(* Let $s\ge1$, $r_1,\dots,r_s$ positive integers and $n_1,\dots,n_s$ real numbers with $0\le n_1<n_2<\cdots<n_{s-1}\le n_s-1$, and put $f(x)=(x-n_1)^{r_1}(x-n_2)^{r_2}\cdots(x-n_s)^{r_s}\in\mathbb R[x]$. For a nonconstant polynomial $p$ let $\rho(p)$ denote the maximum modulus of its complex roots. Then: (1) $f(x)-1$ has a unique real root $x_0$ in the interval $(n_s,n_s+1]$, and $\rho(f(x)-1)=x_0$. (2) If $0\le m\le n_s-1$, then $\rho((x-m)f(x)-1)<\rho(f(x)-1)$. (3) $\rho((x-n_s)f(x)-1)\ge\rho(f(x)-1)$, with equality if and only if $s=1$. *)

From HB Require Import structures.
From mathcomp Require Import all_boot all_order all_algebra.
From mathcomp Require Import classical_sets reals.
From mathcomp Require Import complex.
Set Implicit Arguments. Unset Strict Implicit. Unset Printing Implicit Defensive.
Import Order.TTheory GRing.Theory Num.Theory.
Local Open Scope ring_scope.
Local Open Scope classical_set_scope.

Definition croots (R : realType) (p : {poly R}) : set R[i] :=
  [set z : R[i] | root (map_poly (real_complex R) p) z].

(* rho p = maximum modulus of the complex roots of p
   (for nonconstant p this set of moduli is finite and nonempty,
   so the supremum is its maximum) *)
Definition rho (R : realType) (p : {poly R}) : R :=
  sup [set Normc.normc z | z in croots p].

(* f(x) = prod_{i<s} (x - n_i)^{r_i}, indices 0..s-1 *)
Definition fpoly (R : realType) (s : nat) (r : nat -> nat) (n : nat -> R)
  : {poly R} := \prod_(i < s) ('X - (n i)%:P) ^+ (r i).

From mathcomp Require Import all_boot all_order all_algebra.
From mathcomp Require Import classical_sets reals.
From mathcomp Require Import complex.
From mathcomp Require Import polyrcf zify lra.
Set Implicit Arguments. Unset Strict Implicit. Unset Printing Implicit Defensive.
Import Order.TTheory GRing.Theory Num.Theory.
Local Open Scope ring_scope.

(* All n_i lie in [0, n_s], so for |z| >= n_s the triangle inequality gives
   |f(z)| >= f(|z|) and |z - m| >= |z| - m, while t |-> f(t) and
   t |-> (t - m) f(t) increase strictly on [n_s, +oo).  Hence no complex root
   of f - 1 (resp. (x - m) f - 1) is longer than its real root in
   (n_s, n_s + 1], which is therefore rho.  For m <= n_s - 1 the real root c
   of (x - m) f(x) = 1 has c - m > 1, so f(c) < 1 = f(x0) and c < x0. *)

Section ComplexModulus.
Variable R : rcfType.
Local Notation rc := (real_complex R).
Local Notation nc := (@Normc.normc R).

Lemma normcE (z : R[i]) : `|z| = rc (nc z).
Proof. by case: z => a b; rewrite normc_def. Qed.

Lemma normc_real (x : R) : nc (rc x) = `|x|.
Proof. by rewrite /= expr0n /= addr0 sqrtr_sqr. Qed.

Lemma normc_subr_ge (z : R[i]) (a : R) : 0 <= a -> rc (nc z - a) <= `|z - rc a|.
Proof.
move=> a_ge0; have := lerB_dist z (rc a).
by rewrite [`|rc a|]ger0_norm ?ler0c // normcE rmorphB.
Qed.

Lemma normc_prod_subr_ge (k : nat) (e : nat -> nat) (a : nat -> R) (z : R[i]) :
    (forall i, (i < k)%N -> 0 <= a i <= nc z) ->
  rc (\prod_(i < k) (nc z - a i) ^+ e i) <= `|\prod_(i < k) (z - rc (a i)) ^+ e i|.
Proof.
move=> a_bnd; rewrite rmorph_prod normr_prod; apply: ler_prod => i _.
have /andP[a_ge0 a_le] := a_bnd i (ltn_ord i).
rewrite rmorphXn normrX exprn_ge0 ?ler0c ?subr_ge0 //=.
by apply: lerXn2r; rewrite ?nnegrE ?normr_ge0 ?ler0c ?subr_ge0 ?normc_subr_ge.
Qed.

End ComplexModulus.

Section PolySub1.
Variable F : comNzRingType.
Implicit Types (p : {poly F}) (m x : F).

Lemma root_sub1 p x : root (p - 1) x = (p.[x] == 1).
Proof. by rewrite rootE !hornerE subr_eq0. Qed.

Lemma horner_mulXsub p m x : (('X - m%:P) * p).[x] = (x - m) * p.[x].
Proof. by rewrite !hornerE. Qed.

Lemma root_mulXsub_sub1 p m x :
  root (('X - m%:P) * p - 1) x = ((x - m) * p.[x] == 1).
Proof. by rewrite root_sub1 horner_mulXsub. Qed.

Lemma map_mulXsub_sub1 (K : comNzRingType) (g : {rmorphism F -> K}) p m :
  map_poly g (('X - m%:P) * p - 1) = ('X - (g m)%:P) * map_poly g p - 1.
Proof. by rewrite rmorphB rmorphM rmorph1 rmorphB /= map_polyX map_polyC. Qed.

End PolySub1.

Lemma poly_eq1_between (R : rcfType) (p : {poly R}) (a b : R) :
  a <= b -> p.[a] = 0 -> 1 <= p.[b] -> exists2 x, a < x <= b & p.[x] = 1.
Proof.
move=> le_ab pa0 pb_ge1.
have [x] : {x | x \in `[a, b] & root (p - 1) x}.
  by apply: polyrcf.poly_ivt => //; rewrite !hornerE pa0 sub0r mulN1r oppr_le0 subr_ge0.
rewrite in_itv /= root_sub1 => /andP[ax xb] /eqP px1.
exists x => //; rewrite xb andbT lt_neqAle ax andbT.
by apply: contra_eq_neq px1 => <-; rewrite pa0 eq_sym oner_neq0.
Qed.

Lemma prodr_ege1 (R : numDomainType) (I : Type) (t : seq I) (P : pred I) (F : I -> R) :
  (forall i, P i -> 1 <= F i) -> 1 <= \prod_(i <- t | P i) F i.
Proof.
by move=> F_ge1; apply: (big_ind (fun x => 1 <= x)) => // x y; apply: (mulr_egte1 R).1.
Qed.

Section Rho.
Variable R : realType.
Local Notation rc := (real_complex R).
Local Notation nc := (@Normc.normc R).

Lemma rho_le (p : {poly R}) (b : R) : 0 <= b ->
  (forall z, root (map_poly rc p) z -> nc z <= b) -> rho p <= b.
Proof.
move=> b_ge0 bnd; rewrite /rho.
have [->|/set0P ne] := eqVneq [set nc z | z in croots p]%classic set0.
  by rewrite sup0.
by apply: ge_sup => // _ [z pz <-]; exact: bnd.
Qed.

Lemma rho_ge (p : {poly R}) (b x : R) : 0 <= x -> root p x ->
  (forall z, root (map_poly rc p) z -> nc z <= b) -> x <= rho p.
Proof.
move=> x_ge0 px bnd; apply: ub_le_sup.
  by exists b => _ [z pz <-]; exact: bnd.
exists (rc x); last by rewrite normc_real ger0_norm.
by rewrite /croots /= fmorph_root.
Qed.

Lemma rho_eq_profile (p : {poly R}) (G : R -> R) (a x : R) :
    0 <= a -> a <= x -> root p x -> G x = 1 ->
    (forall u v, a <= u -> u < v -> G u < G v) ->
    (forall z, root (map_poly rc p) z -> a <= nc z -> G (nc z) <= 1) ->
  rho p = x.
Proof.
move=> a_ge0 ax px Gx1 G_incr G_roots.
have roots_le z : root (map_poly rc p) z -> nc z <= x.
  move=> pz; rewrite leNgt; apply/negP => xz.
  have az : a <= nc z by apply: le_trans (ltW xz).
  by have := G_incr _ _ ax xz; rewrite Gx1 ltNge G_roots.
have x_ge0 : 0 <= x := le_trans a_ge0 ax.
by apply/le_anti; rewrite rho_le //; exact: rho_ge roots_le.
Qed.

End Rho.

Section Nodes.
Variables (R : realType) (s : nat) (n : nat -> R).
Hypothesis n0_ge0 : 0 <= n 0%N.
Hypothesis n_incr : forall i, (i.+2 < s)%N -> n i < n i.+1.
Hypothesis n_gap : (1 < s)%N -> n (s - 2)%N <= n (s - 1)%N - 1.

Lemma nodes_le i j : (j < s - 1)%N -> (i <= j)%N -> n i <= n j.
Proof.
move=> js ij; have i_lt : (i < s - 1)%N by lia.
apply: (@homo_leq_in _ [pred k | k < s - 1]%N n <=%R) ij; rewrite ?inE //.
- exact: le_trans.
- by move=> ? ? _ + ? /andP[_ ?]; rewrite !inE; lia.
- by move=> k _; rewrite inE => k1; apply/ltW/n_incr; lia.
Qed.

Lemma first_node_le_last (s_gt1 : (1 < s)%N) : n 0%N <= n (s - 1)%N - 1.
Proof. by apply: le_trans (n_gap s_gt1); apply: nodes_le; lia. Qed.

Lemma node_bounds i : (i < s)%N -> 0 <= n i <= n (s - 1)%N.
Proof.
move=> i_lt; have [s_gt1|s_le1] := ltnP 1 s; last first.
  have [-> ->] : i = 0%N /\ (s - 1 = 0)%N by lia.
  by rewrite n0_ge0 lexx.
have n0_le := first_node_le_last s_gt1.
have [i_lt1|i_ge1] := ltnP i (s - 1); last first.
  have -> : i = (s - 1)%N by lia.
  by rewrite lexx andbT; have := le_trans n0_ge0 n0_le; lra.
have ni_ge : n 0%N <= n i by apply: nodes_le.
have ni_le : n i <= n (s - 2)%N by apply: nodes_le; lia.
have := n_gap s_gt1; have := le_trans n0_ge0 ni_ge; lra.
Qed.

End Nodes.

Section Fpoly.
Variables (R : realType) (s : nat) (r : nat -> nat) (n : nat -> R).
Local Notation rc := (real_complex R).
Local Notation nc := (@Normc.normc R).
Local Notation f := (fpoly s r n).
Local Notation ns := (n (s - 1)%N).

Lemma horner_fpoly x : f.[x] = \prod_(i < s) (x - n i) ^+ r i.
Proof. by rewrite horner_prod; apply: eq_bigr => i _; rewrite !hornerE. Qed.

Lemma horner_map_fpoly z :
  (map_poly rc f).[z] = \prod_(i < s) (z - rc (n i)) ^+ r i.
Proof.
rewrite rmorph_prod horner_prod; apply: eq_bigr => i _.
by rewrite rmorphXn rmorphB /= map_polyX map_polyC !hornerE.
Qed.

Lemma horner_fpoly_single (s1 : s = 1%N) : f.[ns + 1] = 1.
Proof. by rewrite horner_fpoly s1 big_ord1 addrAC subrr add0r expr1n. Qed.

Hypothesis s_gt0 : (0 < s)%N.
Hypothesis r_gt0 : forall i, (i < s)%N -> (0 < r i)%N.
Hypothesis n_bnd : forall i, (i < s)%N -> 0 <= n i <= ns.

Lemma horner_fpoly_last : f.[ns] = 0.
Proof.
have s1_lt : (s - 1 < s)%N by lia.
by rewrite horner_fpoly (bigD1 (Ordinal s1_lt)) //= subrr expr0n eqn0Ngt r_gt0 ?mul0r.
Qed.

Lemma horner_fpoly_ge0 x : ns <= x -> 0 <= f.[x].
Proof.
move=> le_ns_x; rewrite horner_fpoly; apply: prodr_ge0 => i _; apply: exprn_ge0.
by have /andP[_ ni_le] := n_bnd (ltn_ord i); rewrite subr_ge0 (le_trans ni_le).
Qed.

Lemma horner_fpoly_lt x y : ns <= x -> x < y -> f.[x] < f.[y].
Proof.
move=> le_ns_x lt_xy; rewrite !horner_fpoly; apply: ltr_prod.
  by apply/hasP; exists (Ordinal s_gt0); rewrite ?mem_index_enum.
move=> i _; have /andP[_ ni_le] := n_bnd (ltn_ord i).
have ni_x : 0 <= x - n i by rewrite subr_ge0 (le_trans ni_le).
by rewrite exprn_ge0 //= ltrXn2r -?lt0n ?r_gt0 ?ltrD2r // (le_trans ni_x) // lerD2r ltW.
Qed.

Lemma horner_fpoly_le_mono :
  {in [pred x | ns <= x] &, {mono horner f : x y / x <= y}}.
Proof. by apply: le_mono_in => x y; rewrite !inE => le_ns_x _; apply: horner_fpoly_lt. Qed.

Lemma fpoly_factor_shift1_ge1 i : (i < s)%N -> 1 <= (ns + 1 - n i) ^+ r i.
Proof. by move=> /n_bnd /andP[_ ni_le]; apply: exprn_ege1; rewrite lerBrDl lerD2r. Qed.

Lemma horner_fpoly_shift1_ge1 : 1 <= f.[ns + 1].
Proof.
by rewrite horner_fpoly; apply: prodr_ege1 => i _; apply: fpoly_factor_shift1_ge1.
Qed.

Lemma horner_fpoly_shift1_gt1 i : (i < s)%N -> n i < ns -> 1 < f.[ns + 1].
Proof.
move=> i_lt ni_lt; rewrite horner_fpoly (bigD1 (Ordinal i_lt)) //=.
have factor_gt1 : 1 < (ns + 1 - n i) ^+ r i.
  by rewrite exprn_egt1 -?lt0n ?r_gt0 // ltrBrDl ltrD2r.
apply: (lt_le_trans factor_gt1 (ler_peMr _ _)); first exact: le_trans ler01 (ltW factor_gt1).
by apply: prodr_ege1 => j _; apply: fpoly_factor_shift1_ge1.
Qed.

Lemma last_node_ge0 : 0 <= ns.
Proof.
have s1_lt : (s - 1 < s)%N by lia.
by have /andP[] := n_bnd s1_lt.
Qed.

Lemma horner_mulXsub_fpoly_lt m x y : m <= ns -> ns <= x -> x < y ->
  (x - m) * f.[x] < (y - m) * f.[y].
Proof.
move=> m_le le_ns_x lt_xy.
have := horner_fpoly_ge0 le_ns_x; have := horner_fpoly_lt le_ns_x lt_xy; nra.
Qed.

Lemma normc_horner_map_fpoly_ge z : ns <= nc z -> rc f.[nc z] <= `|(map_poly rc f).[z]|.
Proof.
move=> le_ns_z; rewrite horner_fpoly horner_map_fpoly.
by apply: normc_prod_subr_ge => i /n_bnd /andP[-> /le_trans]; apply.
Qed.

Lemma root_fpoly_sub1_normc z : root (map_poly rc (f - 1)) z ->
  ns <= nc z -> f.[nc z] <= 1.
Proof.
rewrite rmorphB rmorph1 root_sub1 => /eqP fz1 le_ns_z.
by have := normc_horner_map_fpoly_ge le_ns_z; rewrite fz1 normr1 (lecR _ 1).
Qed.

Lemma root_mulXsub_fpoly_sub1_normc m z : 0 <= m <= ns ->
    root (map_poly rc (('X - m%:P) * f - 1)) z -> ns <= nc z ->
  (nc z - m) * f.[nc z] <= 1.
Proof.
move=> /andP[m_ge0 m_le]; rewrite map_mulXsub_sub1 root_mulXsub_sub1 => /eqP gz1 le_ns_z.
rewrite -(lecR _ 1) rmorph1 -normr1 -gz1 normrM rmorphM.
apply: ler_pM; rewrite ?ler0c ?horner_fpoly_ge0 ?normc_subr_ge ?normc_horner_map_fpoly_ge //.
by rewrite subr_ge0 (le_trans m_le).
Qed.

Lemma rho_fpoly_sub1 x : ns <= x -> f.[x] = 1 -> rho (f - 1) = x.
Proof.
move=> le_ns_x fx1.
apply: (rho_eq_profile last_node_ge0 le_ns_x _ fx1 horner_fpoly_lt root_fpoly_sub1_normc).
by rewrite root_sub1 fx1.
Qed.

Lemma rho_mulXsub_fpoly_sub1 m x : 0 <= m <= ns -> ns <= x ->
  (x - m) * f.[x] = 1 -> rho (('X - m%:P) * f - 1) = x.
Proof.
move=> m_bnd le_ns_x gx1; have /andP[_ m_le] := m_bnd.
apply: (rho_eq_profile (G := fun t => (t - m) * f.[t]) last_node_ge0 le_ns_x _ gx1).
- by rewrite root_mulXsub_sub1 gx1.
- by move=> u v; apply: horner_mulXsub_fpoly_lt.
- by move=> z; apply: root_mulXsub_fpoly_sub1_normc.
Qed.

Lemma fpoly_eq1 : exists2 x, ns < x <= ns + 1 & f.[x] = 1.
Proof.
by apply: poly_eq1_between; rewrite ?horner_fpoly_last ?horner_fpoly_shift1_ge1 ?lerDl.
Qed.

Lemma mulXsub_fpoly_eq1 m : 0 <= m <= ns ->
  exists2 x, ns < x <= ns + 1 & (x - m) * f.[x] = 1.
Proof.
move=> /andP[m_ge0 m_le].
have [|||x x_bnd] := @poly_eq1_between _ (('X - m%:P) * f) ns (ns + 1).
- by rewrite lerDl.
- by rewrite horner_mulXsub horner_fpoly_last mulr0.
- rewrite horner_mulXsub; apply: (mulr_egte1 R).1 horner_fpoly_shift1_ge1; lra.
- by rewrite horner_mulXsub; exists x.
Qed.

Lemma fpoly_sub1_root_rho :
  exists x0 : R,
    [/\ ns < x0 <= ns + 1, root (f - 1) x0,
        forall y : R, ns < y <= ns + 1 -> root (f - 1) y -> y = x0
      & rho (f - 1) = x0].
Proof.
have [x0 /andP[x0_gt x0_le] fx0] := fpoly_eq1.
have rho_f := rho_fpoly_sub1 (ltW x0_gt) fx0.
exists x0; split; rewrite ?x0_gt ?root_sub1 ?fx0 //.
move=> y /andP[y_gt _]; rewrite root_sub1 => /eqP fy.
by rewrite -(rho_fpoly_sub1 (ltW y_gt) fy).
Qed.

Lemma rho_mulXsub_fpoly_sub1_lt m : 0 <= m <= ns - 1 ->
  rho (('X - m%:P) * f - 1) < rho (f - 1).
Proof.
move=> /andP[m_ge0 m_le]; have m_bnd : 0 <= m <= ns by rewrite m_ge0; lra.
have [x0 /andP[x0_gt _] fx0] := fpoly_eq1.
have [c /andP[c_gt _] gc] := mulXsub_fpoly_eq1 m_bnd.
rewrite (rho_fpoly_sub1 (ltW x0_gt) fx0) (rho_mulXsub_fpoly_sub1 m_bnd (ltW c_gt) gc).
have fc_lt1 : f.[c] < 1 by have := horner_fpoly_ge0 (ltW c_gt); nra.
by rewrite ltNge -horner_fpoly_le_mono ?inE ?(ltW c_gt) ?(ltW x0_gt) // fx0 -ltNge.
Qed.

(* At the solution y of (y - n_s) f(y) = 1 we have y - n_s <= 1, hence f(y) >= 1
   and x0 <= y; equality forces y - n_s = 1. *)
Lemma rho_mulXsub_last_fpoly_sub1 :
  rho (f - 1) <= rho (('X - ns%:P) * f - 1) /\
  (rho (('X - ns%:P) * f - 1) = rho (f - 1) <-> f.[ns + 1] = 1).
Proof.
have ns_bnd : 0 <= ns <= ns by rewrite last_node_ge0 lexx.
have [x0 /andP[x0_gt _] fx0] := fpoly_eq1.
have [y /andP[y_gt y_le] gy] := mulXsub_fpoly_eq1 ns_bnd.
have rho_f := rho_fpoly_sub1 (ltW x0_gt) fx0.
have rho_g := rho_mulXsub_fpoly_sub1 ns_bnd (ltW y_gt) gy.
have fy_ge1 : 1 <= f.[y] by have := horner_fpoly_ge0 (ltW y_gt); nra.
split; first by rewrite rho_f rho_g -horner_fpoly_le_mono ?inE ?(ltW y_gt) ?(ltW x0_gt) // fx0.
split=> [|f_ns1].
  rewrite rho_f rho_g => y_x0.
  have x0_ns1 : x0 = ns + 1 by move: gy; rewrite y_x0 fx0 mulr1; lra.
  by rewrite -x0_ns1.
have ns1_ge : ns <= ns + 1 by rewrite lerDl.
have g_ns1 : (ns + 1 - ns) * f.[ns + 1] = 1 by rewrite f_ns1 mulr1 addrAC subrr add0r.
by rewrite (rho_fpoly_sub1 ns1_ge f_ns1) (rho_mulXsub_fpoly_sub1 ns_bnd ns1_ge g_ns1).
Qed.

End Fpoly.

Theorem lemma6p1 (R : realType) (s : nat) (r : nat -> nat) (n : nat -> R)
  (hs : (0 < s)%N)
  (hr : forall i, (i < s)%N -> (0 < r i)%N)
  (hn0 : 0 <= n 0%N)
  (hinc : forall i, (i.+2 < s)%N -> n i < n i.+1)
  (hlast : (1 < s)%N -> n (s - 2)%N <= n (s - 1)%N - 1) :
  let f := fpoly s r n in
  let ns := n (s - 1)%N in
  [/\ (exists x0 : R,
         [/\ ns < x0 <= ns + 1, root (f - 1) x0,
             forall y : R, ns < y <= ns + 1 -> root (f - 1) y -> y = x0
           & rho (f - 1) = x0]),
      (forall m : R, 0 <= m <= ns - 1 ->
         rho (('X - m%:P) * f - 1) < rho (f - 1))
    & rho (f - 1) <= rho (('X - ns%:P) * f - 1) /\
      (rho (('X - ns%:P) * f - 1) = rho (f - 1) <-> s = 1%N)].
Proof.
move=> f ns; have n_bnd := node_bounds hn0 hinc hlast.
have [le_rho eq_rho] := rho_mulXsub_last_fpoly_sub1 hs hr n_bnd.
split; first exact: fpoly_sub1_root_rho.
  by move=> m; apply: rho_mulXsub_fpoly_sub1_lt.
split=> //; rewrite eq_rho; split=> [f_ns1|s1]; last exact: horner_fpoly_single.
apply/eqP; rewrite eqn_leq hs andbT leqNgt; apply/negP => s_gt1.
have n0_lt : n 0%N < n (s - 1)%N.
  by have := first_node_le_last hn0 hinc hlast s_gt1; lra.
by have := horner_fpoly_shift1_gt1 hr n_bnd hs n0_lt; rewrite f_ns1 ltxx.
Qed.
────────────────
* **What you will do**
All lines above from the one holding "have x_ge0 : 0 <= x := le_trans a_ge0 ax." to the one holding "Lemma horner_fpoly x", inclusive, are to be copied exactly; no other line is wanted.

* **Output of the task**
have x_ge0 : 0 <= x := le_trans a_ge0 ax.
by apply/le_anti; rewrite rho_le //; exact: rho_ge roots_le.
Qed.

End Rho.

Section Nodes.
Variables (R : realType) (s : nat) (n : nat -> R).
Hypothesis n0_ge0 : 0 <= n 0%N.
Hypothesis n_incr : forall i, (i.+2 < s)%N -> n i < n i.+1.
Hypothesis n_gap : (1 < s)%N -> n (s - 2)%N <= n (s - 1)%N - 1.

Lemma nodes_le i j : (j < s - 1)%N -> (i <= j)%N -> n i <= n j.
Proof.
move=> js ij; have i_lt : (i < s - 1)%N by lia.
apply: (@homo_leq_in _ [pred k | k < s - 1]%N n <=%R) ij; rewrite ?inE //.
- exact: le_trans.
- by move=> ? ? _ + ? /andP[_ ?]; rewrite !inE; lia.
- by move=> k _; rewrite inE => k1; apply/ltW/n_incr; lia.
Qed.

Lemma first_node_le_last (s_gt1 : (1 < s)%N) : n 0%N <= n (s - 1)%N - 1.
Proof. by apply: le_trans (n_gap s_gt1); apply: nodes_le; lia. Qed.

Lemma node_bounds i : (i < s)%N -> 0 <= n i <= n (s - 1)%N.
Proof.
move=> i_lt; have [s_gt1|s_le1] := ltnP 1 s; last first.
  have [-> ->] : i = 0%N /\ (s - 1 = 0)%N by lia.
  by rewrite n0_ge0 lexx.
have n0_le := first_node_le_last s_gt1.
have [i_lt1|i_ge1] := ltnP i (s - 1); last first.
  have -> : i = (s - 1)%N by lia.
  by rewrite lexx andbT; have := le_trans n0_ge0 n0_le; lra.
have ni_ge : n 0%N <= n i by apply: nodes_le.
have ni_le : n i <= n (s - 2)%N by apply: nodes_le; lia.
have := n_gap s_gt1; have := le_trans n0_ge0 ni_ge; lra.
Qed.

End Nodes.

Section Fpoly.
Variables (R : realType) (s : nat) (r : nat -> nat) (n : nat -> R).
Local Notation rc := (real_complex R).
Local Notation nc := (@Normc.normc R).
Local Notation f := (fpoly s r n).
Local Notation ns := (n (s - 1)%N).

Lemma horner_fpoly x : f.[x] = \prod_(i < s) (x - n i) ^+ r i.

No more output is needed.